A Last-Minute Save
By rescuing the Medicare drug benefit, agency chiefs prevented 2006 from being even worse for the GOP.
By rescuing the Medicare drug benefit, agency chiefs prevented 2006 from being even worse for the GOP.
When Congress passed the Medicare Part D prescription drug benefit in November 2003, Republican strategists viewed it as a politically transformative event, perhaps the first step toward a "permanent majority." The way they saw it, the first federal prescription drug benefit would bolster the party going into the 2004 campaign and, equally important, cut into the traditional Democratic advantage among senior citizens. If Republicans could earn credibility among seniors through the expansion of Medicare benefits, then they would have political cover for their efforts to reform Social Security. Thus, the thinking went, the party would have a foothold among a grateful elderly population and also among a younger generation of voters who would recognize the GOP as the party that saved Social Security.
Yet things didn't turn out the way President Bush and congressional Republicans envisioned. Three years after Congress passed the legislation, Democrats ousted the Republican House and the Senate majorities after a 2006 midterm election rout in which it was hard to find a single race where the prescription drug benefit carried a GOP candidate to victory, but easy to point to a handful where it played a central role in an incumbent's defeat.
While the drug benefit might not have provided Republicans with the lift they expected, they can take solace from the fact that the results could have been much worse, if not for the efforts of Health and Human Services Secretary Mike Leavitt and Center for Medicare and Medicaid Services Administrator Mark McClellan.
Going into 2006, the complex drug benefit had all the makings of a potential political calamity.
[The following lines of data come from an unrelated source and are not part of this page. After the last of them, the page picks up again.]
Let sol_ge0 : nonneg_vec y.
Proof.
move=> k; rewrite leNgt; apply/negP => yk_lt0.
(* Then x leaves the orthant towards the rescaled solution at some t < 1, where
   the form is xBx - t (2 - t) dBd < 0, against the minimality of x. *)
have c_gt0 : 0 < tau / sig.
  by apply: divr_gt0; [exact: sum_col_gt0 x_ge0 x_neq0 | exact: sum_sol_gt0].
have dk_lt0 : (- d) k 0 < 0.
  by rewrite mxE entryB entryZ opprB subr_lt0 (lt_le_trans _ (x_ge0 k)) // pmulr_rlt0.
have dS : supp (- d) \subset S by rewrite supp_opp supp_dev.
have [t t_gt0 [xt_ge0 xt_lt]] := ray_exit x_ge0 dS (ex_intro _ k dk_lt0).
have t_lt1 : t < 1.
  have := xt_ge0 k; rewrite entryD entryZ mxE entryB entryZ opprB.
  move: dk_lt0; rewrite mxE entryB entryZ opprB => dk_lt0.
  have : tau / sig * y k 0 < 0 by rewrite pmulr_rlt0.
  have := x_ge0 k; move: (x k 0) (tau / sig * y k 0) => a b; nra.
have := x_min xt_ge0 xt_lt.
rewrite bform_line // bformNr bformNl bformNr opprK bform_x_dev.
have : 0 <= t * (2 - t) by rewrite mulr_ge0 ?subr_ge0 ?ltW //; lra.
have := bform_dev_ge0; have := xBx_lt0; move: (bform B x x) (bform B d d) => q e; nra.
Qed.

Lemma regular_nonneg_sol_minimal : regular_nonneg_sol S B y.
Proof. by split; [exact: det_sysmx_neq0 | exact: sysmx_sol | exact: sol_ge0 | exact: sol_neq0]. Qed.

End MinimalNegative.

Lemma neg_form_regular_sol B x : B^T = B -> nonneg_vec x -> bform B x x < 0 ->
  exists S y, regular_nonneg_sol S B y.
Proof.
move=> B_sym; have [m] := ubnP #|supp x|; elim: m x => // m IH x supp_lt x_ge0 xBx_lt0.
case: (classic (exists p, [/\ nonneg_vec p, bform B p p < 0 & supp p \proper supp x])).
  move=> [p [p_ge0 pBp_lt0 px]]; apply: (IH p) => //.
  by apply: leq_trans (proper_card px) _; rewrite -ltnS.
move=> x_min; exists (supp x), (invmx (sysmx (supp x) B) *m sysrhs (supp x)).
apply: regular_nonneg_sol_minimal => // p p_ge0 px; rewrite leNgt; apply/negP => pBp.
by apply: x_min; exists p.
Qed.

End SupportSystem.

Lemma coef_polyC_mulmx (R : nzRingType) n (B : 'M[R]_n) (v : 'cV[{poly R}]_n) m k :
  ((map_mx polyC B *m v) k 0)`_m = (B *m \col_l (v l 0)`_m) k 0.
Proof. by rewrite !mxE coef_sum; apply: eq_bigr => l _; rewrite !mxE coefCM. Qed.

Lemma horner_polyC_mulmx (R : comNzRingType) n (B : 'M[R]_n) (v : 'cV[{poly R}]_n) g k :
  ((map_mx polyC B *m v) k 0).[g] = (B *m map_mx (horner_eval g) v) k 0.
Proof. by rewrite !mxE horner_sum; apply: eq_bigr => l _; rewrite !mxE hornerCM horner_evalE. Qed.

Lemma vanish_below_polyC_mulmx (R : realFieldType) n (B : 'M[R]_n) (v : 'cV[{poly R}]_n) m :
  (forall l, vanish_below (v l 0) m) -> forall k, vanish_below ((map_mx polyC B *m v) k 0) m.
Proof.
move=> v_low k a a_lt; rewrite coef_polyC_mulmx mxE big1 // => l _.
by rewrite [X in _ * X]mxE v_low // mulr0.
Qed.

Section CramerPolynomials.
Variables (R : realFieldType) (n : nat) (A : 'M[R]_n) (i j : 'I_n) (S : {set 'I_n}).
Local Notation E := (Eij R i j).
Local Notation NX := (sysmx S (map_mx polyC A - 'X *: map_mx polyC E)).
Local Notation DX := (\det NX).
(* At a regular g, p evaluates to det^2 y rather than det y, hence is nonnegative. *)
Local Notation p := (DX *: (\adj NX *m sysrhs S)).

Lemma eval_sysmxX g : map_mx (horner_eval g) NX = sysmx S (A - g *: E).
Proof.
rewrite map_sysmx; congr sysmx; apply/matrixP => k l.
by rewrite !mxE /= horner_evalE hornerD hornerN hornerM hornerX !hornerC.
Qed.

Lemma sysmxX_mul : NX *m p = (DX * DX) *: sysrhs S.
Proof. by rewrite -scalemxAr mulmxA mul_mx_adj mul_scalar_mx scalerA. Qed.

Lemma cramer_out k : k \notin S -> p k 0 = 0.
Proof.
move=> kS; have /matrixP/(_ k 0) := sysmxX_mul.
by rewrite sysmx_mulE (negbTE kS) => ->; rewrite entryZ mxE (negbTE kS) mulr0.
Qed.

Lemma cramer_row k : k \in S ->
  (map_mx polyC A *m p) k 0 = 'X * (map_mx polyC E *m p) k 0 - DX * DX.
Proof.
move=> kS; have /matrixP/(_ k 0) := sysmxX_mul.
rewrite sysmx_mulE kS mulmxBl -scalemxAl entryB !entryZ [sysrhs S k 0]mxE kS.
by rewrite mulrN1 => /eqP; rewrite subr_eq => /eqP ->; rewrite addrC.
Qed.

Lemma horner_det_sysmxX g : DX.[g] = \det (sysmx S (A - g *: E)).
Proof. by rewrite -horner_evalE -det_map_mx eval_sysmxX. Qed.

Lemma eval_cramer g y : sysmx S (A - g *: E) *m y = sysrhs S ->
  map_mx (horner_eval g) p = (DX * DX).[g] *: y.
Proof.
move=> sol; rewrite map_mxZ map_mxM map_mx_adj eval_sysmxX map_sysrhs -sol mulmxA.
by rewrite mul_adj_mx mul_scalar_mx scalerA /= horner_evalE hornerM horner_det_sysmxX.
Qed.

Lemma horner_cramer g y k : sysmx S (A - g *: E) *m y = sysrhs S ->
  (p k 0).[g] = (DX * DX).[g] * y k 0.
Proof.
move=> sol; transitivity ((map_mx (horner_eval g) p) k 0); first by rewrite [RHS]mxE.
by rewrite (eval_cramer sol) mxE.
Qed.

Section SmallSolutions.
Local Notation G g := (exists y, regular_nonneg_sol S (A - g *: E) y).
Hypothesis A_cop : copositive A.
Hypothesis small : arbitrarily_small (fun g => G g).
Local Notation Q := (\sum_k p k 0).
Local Notation r := (\sum_k p k 0 * (map_mx polyC E *m p) k 0).

Lemma cramer_form :
  \sum_k p k 0 * (map_mx polyC A *m p) k 0 = 'X * r - DX * DX * Q.
Proof.
have row k : p k 0 * (map_mx polyC A *m p) k 0
    = 'X * (p k 0 * (map_mx polyC E *m p) k 0) - DX * DX * p k 0.
  case: (boolP (k \in S)) => kS; first by rewrite cramer_row //; ring.
  by rewrite cramer_out // !mul0r !mulr0 subr0.
by rewrite (eq_bigr _ (fun k _ => row k)) sumrB -!mulr_sumr.
Qed.

Lemma cramer_eval_ge0 g k : G g -> 0 <= (p k 0).[g].
Proof.
move=> [y [_ sol y_ge0 _]].
by rewrite (horner_cramer _ sol) mulr_ge0 // hornerM -expr2 sqr_ge0.
Qed.

Lemma cramer_det2_gt0 g : G g -> 0 < (DX * DX).[g].
Proof.
move=> [y [det_neq0 _ _ _]].
by rewrite hornerM horner_det_sysmxX lt0r mulf_neq0 //= -expr2 sqr_ge0.
Qed.

Lemma cramer_sum_neq0 : Q != 0.
Proof.
have [g [_ _ [y ysol]]] := small ltr01.
have [_ sol y_ge0 y_neq0] := ysol.
apply/eqP => Q0; have := congr1 (horner^~ g) Q0; rewrite horner0 horner_sum /=.
under eq_bigr do rewrite (horner_cramer _ sol).
rewrite -mulr_sumr => /eqP; apply/negP; rewrite mulf_neq0 //.
  by rewrite gt_eqF // cramer_det2_gt0 //; exists y.
by rewrite gt_eqF // sum_col_gt0.
Qed.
The HHS secretary and CMS administrator who were in office when the bill passed, Tommy Thompson and Thomas Scully, were no longer around in January 2006, when it came time to actually implement the plan. As late as December 2005, a Kaiser Family Foundation poll found that 50 percent of seniors had an unfavorable impression of the federal drug benefit compared with just 28 percent who had a favorable impression.
Then there was the troubled rollout, which led to widespread Republican panic since senior citizens tend to vote in higher numbers than other groups and are the last constituency politicians want to alienate.
The negative publicity surrounding early enrollment problems also provided ammunition for Democrats who fiercely opposed the plan as inadequate. During the February recess, congressional Democrats held more than 100 events and town hall meetings to attack the GOP plan and to present their alternatives. By then, the smell of fear had permeated the campaign trail.
But by summer, the precarious politics of Medicare Part D stabilized, largely due to Leavitt and McClellan. The chaotic and confusing enrollment process became a little less so after the 1-800-MEDICARE staff was bolstered by additional customer service representatives. The number of call centers was tripled-the average wait time dropped from four-and-a-half minutes in January to less than 30 seconds in March. Extensive congressional hand-holding helped assuage skittish GOP legislators. And a public outreach tour encouraged seniors to enroll before the May deadline-more than 2 million signed up in the final two weeks.
In June 2006, Leavitt reported that 32.8 million Americans, or 90 percent of all Medicare beneficiaries, had attained prescription drug coverage. That same month, a Kaiser poll found that 81 percent of seniors enrolled in Medicare drug plans were satisfied.
But the greatest political testament to Leavitt and McClellan's work came from the subtle change in the terms of the debate. Over time, the plan itself faded from Democratic campaign attacks, replaced by a separate, though related, issue-Republican ties to the pharmaceutical industry.